Le débat qui animait les penseurs de l’architecture à la fin du vingtième siècle semble un peu retombé. Mais il faut dire qu’il menait à une impasse. La question ne pouvait pas trouver de réponse car elle était mal posée. Pour pouvoir amener un éclairage nouveau, il est nécessaire de faire un pas de côté et de replacer la question dans un contexte plus large.
 
De même qu’il n’y a ni nature ni culture, mais un même environnement dans lequel l’être humain n’est qu’une composante en perpétuelle interaction avec les autres, il n’existe pas de formes architecturales qui seraient la pure expression des fonctions matérielles auxquelles elles répondent, et sur lesquelles on surajouterait (ou non) des ornements, comme des cerises plus ou moins digestes sur un gâteau.

Josef Maria Olbrich, palais de la Sécession viennoise, 1897.

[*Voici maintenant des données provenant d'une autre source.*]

(* Let $m\ge3$ be odd, $n\ge 2$, and let $\mathcal{A}$ be a real symmetric $m$th order $n$-dimensional tensor. If $\mathcal{A}$ is strongly positive semi-definite, then $\mathcal{A}$ is genuinely positive semi-definite. If furthermore $\mathcal{A}$ is strongly positive definite, then $\mathcal{A}$ is genuinely positive definite.
   Context: For $\mathbf{x}\in\mathbb{R}^n$, $\mathcal{A}\mathbf{x}^{m-1}$ is the vector with $i$th component $\sum_{i_2,\dots,i_m=1}^n a_{ii_2\dots i_m}x_{i_2}\cdots x_{i_m}$, and $\mathbf{x}^{[m-1]}=(x_i^{m-1})_i$. $\mathcal{A}$ is strongly positive semi-definite if $\mathcal{A}\mathbf{x}^{m-1}\ge\mathbf{0}$ componentwise for all $\mathbf{x}\in\mathbb{R}^n$, and strongly positive definite if $\mathcal{A}\mathbf{x}^{m-1}>\mathbf{0}$ componentwise for all nonzero $\mathbf{x}$. A real $\lambda$ is an H-eigenvalue of $\mathcal{A}$ if there is a nonzero $\mathbf{x}\in\mathbb{R}^n$ with $\mathcal{A}\mathbf{x}^{m-1}=\lambda\mathbf{x}^{[m-1]}$. A tensor is genuinely positive semi-definite (resp. genuinely positive definite) if its symmetrization (here $\mathcal{A}$ itself) has at least one H-eigenvalue and all its H-eigenvalues are nonnegative (resp. positive). *)

From mathcomp Require Import all_boot all_order all_fingroup all_algebra.
From mathcomp Require Import reals.
Set Implicit Arguments. Unset Strict Implicit. Unset Printing Implicit Defensive.
Import Order.TTheory GRing.Theory Num.Theory.
Local Open Scope ring_scope.

Definition tensor (R : realType) (m n : nat) := {ffun 'I_m -> 'I_n} -> R.

Definition symmetric_tensor (R : realType) (m n : nat) (A : tensor R m n) :=
  forall (s : {perm 'I_m}) (idx : {ffun 'I_m -> 'I_n}),
    A [ffun k => idx (s k)] = A idx.

(* the multi-index (i, j_1, ..., j_{m-1}) *)
Definition cons_idx (m n : nat) (i : 'I_n) (j : {ffun 'I_m.-1 -> 'I_n})
  : {ffun 'I_m -> 'I_n} :=
  [ffun k : 'I_m => if val k == 0%N then i
   else odflt i (omap j (insub (val k).-1 : option 'I_m.-1))].

(* (A x^{m-1})_i = sum_{i_2..i_m} a_{i i_2 .. i_m} x_{i_2} ... x_{i_m} *)
Definition tapply (R : realType) (m n : nat) (A : tensor R m n)
  (x : 'I_n -> R) (i : 'I_n) : R :=
  \sum_(j : {ffun 'I_m.-1 -> 'I_n}) A (cons_idx i j) * \prod_(k < m.-1) x (j k).

Definition strongly_psd (R : realType) (m n : nat) (A : tensor R m n) :=
  forall x : 'I_n -> R, forall i, 0 <= tapply A x i.

Definition strongly_pd (R : realType) (m n : nat) (A : tensor R m n) :=
  forall x : 'I_n -> R, (exists i, x i != 0) -> forall i, 0 < tapply A x i.

Definition H_eigenvalue (R : realType) (m n : nat) (A : tensor R m n)
  (lambda : R) :=
  exists x : 'I_n -> R, (exists i, x i != 0) /\
    forall i, tapply A x i = lambda * x i ^+ m.-1.

(* For a symmetric tensor, its symmetrization is A itself. *)
Definition genuinely_psd (R : realType) (m n : nat) (A : tensor R m n) :=
  (exists lambda, H_eigenvalue A lambda) /\
  (forall lambda, H_eigenvalue A lambda -> 0 <= lambda).

Definition genuinely_pd (R : realType) (m n : nat) (A : tensor R m n) :=
  (exists lambda, H_eigenvalue A lambda) /\
  (forall lambda, H_eigenvalue A lambda -> 0 < lambda).

From mathcomp Require Import all_boot all_order all_fingroup all_algebra.
From mathcomp Require Import reals boolp classical_sets topology normedtype.
From mathcomp Require Import derive.
From mathcomp Require Import ring lra.
Set Implicit Arguments. Unset Strict Implicit. Unset Printing Implicit Defensive.
Import Order.TTheory GRing.Theory Num.Theory.
Import numFieldNormedType.Exports.
Local Open Scope classical_set_scope.
Local Open Scope ring_scope.

(* Write the order as m + 1 (so m is even) and maximize the quotient
   A x^(m+1) / sum_i x_i^(m+1) over the standard simplex; let c be a maximizer
   and lambda the maximum.  Moving c along a coordinate direction e_j changes
   A x^(m+1) - lambda sum_i x_i^(m+1) by a polynomial in the step t, vanishing
   at t = 0, whose linear coefficient is (m + 1) ((A c^m)_j - lambda c_j^m) by
   symmetry of A.  Steps t >= 0 keep c nonnegative, so this coefficient is
   <= 0; if c_j > 0 small negative steps are allowed too and it vanishes,
   while if c_j = 0 strong positive semi-definiteness gives (A c^m)_j >= 0.
   Hence (lambda, c) is an H-eigenpair.  Since m is even, comparing the two
   sides of A x^m = lambda x^[m] at a coordinate with x_i <> 0 gives the sign
   of every H-eigenvalue. *)

Section PolyDeriv.
Variable R : comNzRingType.

Lemma coef1_horner_deriv (p : {poly R}) : p`_1 = (p^`()).[0].
Proof. by rewrite horner_coef0 coef_deriv. Qed.

Lemma deriv_big_prod (I : eqType) (r : seq I) (p : I -> {poly R}) : uniq r ->
  (\prod_(i <- r) p i)^`() =
  \sum_(i <- r) (p i)^`() * \prod_(j <- r | j != i) p j.
Proof.
elim: r => [|a r IH] /=; first by rewrite !big_nil derivC.
case/andP => a_notin_r uniq_r; rewrite !big_cons derivM IH // big_distrr /= eqxx.
congr (_ + _).
  congr (_ * _); rewrite big_seq_cond [RHS]big_seq_cond; apply: eq_bigl => j.
  case: (boolP (j \in r)) => //= jr; case: eqP => // ja.
  by rewrite -ja jr in a_notin_r.
rewrite big_seq [RHS]big_seq; apply: eq_bigr => i ir; rewrite big_cons.
have -> : (a != i) by apply: contraNneq a_notin_r => ->.
by rewrite mulrCA.
Qed.

End PolyDeriv.

Section PolyOneSidedMax.
Variable R : realFieldType.

Lemma poly_linear_approx (P : {poly R}) : exists2 M, 0 <= M &
  forall t, `|t| <= 1 -> `|P.[t] - P`_0 - P`_1 * t| <= M * t ^+ 2.
Proof.
exists (\sum_(i < size P) `|P`_i.+2|); first exact: sumr_ge0.
move=> t t_le1; rewrite (@horner_coef_wide _ (size P).+2) ?leqW //.
rewrite !big_ord_recl /= expr0 mulr1 expr1 /bump /=.
set S := (X in _ + (_ + X)); rewrite (_ : _ - _ - _ = S); last by ring.
rewrite /S big_distrl /=; apply: le_trans (ler_norm_sum _ _ _) _.
apply: ler_sum => i _; rewrite normrM -(real_normK (num_real t)).
apply: ler_wpM2l => //; rewrite normrX !exprS mulrA -expr2 expr0 mulr1 -expr2.
by rewrite ler_piMr ?exprn_ge0 ?exprn_ile1.
Qed.

(* The quadratic remainder of [poly_linear_approx] is beaten by the linear
   term on a short enough interval. *)
Lemma coef1_le0_of_onesided_max (P : {poly R}) (s d : R) :
  0 < d -> `|s| <= 1 -> (forall t, 0 <= t <= d -> P.[s * t] <= P.[0]) ->
  s * P`_1 <= 0.
Proof.
move=> d_gt0 s_le1 Pmax; rewrite leNgt; apply/negP => slope_gt0.
have [M M_ge0 approx] := poly_linear_approx P.
pose t := Order.min (Order.min d 1) (s * P`_1 / (2 * (M + 1))).
have t_gt0 : 0 < t.
  by rewrite !lt_min d_gt0 ltr01 divr_gt0 // mulr_gt0 // ltr_wpDl.
have t_le_d : t <= d by rewrite /t !ge_min lexx.
have t_le1 : t <= 1 by rewrite /t !ge_min lexx orbT.
have t_small : t * (2 * (M + 1)) <= s * P`_1.
  by rewrite -ler_pdivlMr ?mulr_gt0 ?ltr_wpDl // /t ge_min lexx orbT.
have st_le1 : `|s * t| <= 1.
  by rewrite normrM (ger0_norm (ltW t_gt0)) mulr_ile1 ?normr_ge0 ?(ltW t_gt0).
have sq_st : (s * t) ^+ 2 <= t ^+ 2.
  rewrite exprMn -(real_normK (num_real s)).
  by rewrite ler_piMl ?exprn_ge0 ?exprn_ile1 ?normr_ge0 ?(ltW t_gt0).
have := Pmax t; rewrite (ltW t_gt0) t_le_d horner_coef0 => /(_ isT) Pst_le.
have /ler_normlP [remainder_ge _] := approx _ st_le1.
have := ler_wpM2l M_ge0 sq_st; have := ler_wpM2l (ltW t_gt0) t_small.
have : 0 < t ^+ 2 by rewrite exprn_gt0.
have : 0 <= M * t ^+ 2 by rewrite mulr_ge0 ?exprn_ge0 // ltW.
lra.
Qed.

La caractéristique de l’être humain est "d’esthétiser" chacune de ses productions pour générer du sens. Les préhistoriens et archéologues observent ce phénomène aussi loin qu’on puisse remonter dans le temps. Et les ethnologues l’ont constaté dans toutes les civilisations.
Cela vaut aussi, bien sûr, pour les bâtiments. Ce sont des œuvres dont on attend, non seulement  qu’elles nous abritent mais, également, qu’elles participent à la signification du monde. Et le rôle des "ornements" – c’est-à-dire des éléments qui ne font pas directement partie de la structure du bâtiment – consiste à faire dialoguer l’édifice avec l’ensemble du système de valeurs de la société qui l’a produit. 
 
Edward Curtis, "Tipi assiniboine", 1928.

Les tentes des indiens des plaines d’Amérique du Nord constituent des abris très performants contre la pluie, le froid ou la chaleur, tout en étant rapidement démontables et faciles à transporter pour répondre aux usages de ces peuples nomades. Mais ce sont aussi des images du monde. Les perches principales de la structure représentent les piliers de la terre, le trou à fumée, la porte du ciel. Quant aux motifs peints sur le revêtement, ils ancrent l’histoire personnelle des habitants dans les mythes fondateurs de leur société. Tous ces éléments, structurels, mythologiques et "ornementaux" ne font qu’un dans l'univers mental des indiens.
 
C’est ainsi que cela fonctionne dans les sociétés non-européennes, comme le notait Loos, mais c’est aussi le cas en occident. Dans le passé comme à son époque. 

Palais de la Hofburg, entrée sur la Michaelerplatz, Vienne.
 
L’ordonnancement de la façade du palais de la Hofburg, la superposition des styles, les sculptures et autres éléments de décor baroque évoquent non seulement la puissance impériale mais, également, tous les signes d’une culture qui s’est sédimentée au fil des siècles et qui berce la vie et l’esprit des citoyens de l’empire austro-hongrois. 
 
De même, n'en déplaise à Adolf Loos et au courant d'architecture fonctionnaliste, les volumes minimalistes des villas modernes des années 1920-1930 sont loin d’être purement fonctionnels. Il s’agit d’un jeu de pleins et de vides, de surfaces et d’ouvertures, des sculptures habitables qui renvoient au monde intellectuel et artistique de l’esthétique moderne et à son goût pour l’abstraction.
 
Kasimir Malevitch, "Composition suprématiste", 1915. - Theo Van Doesburg et Cornelis Van Eesteren, maquette de maison particulière, 1923.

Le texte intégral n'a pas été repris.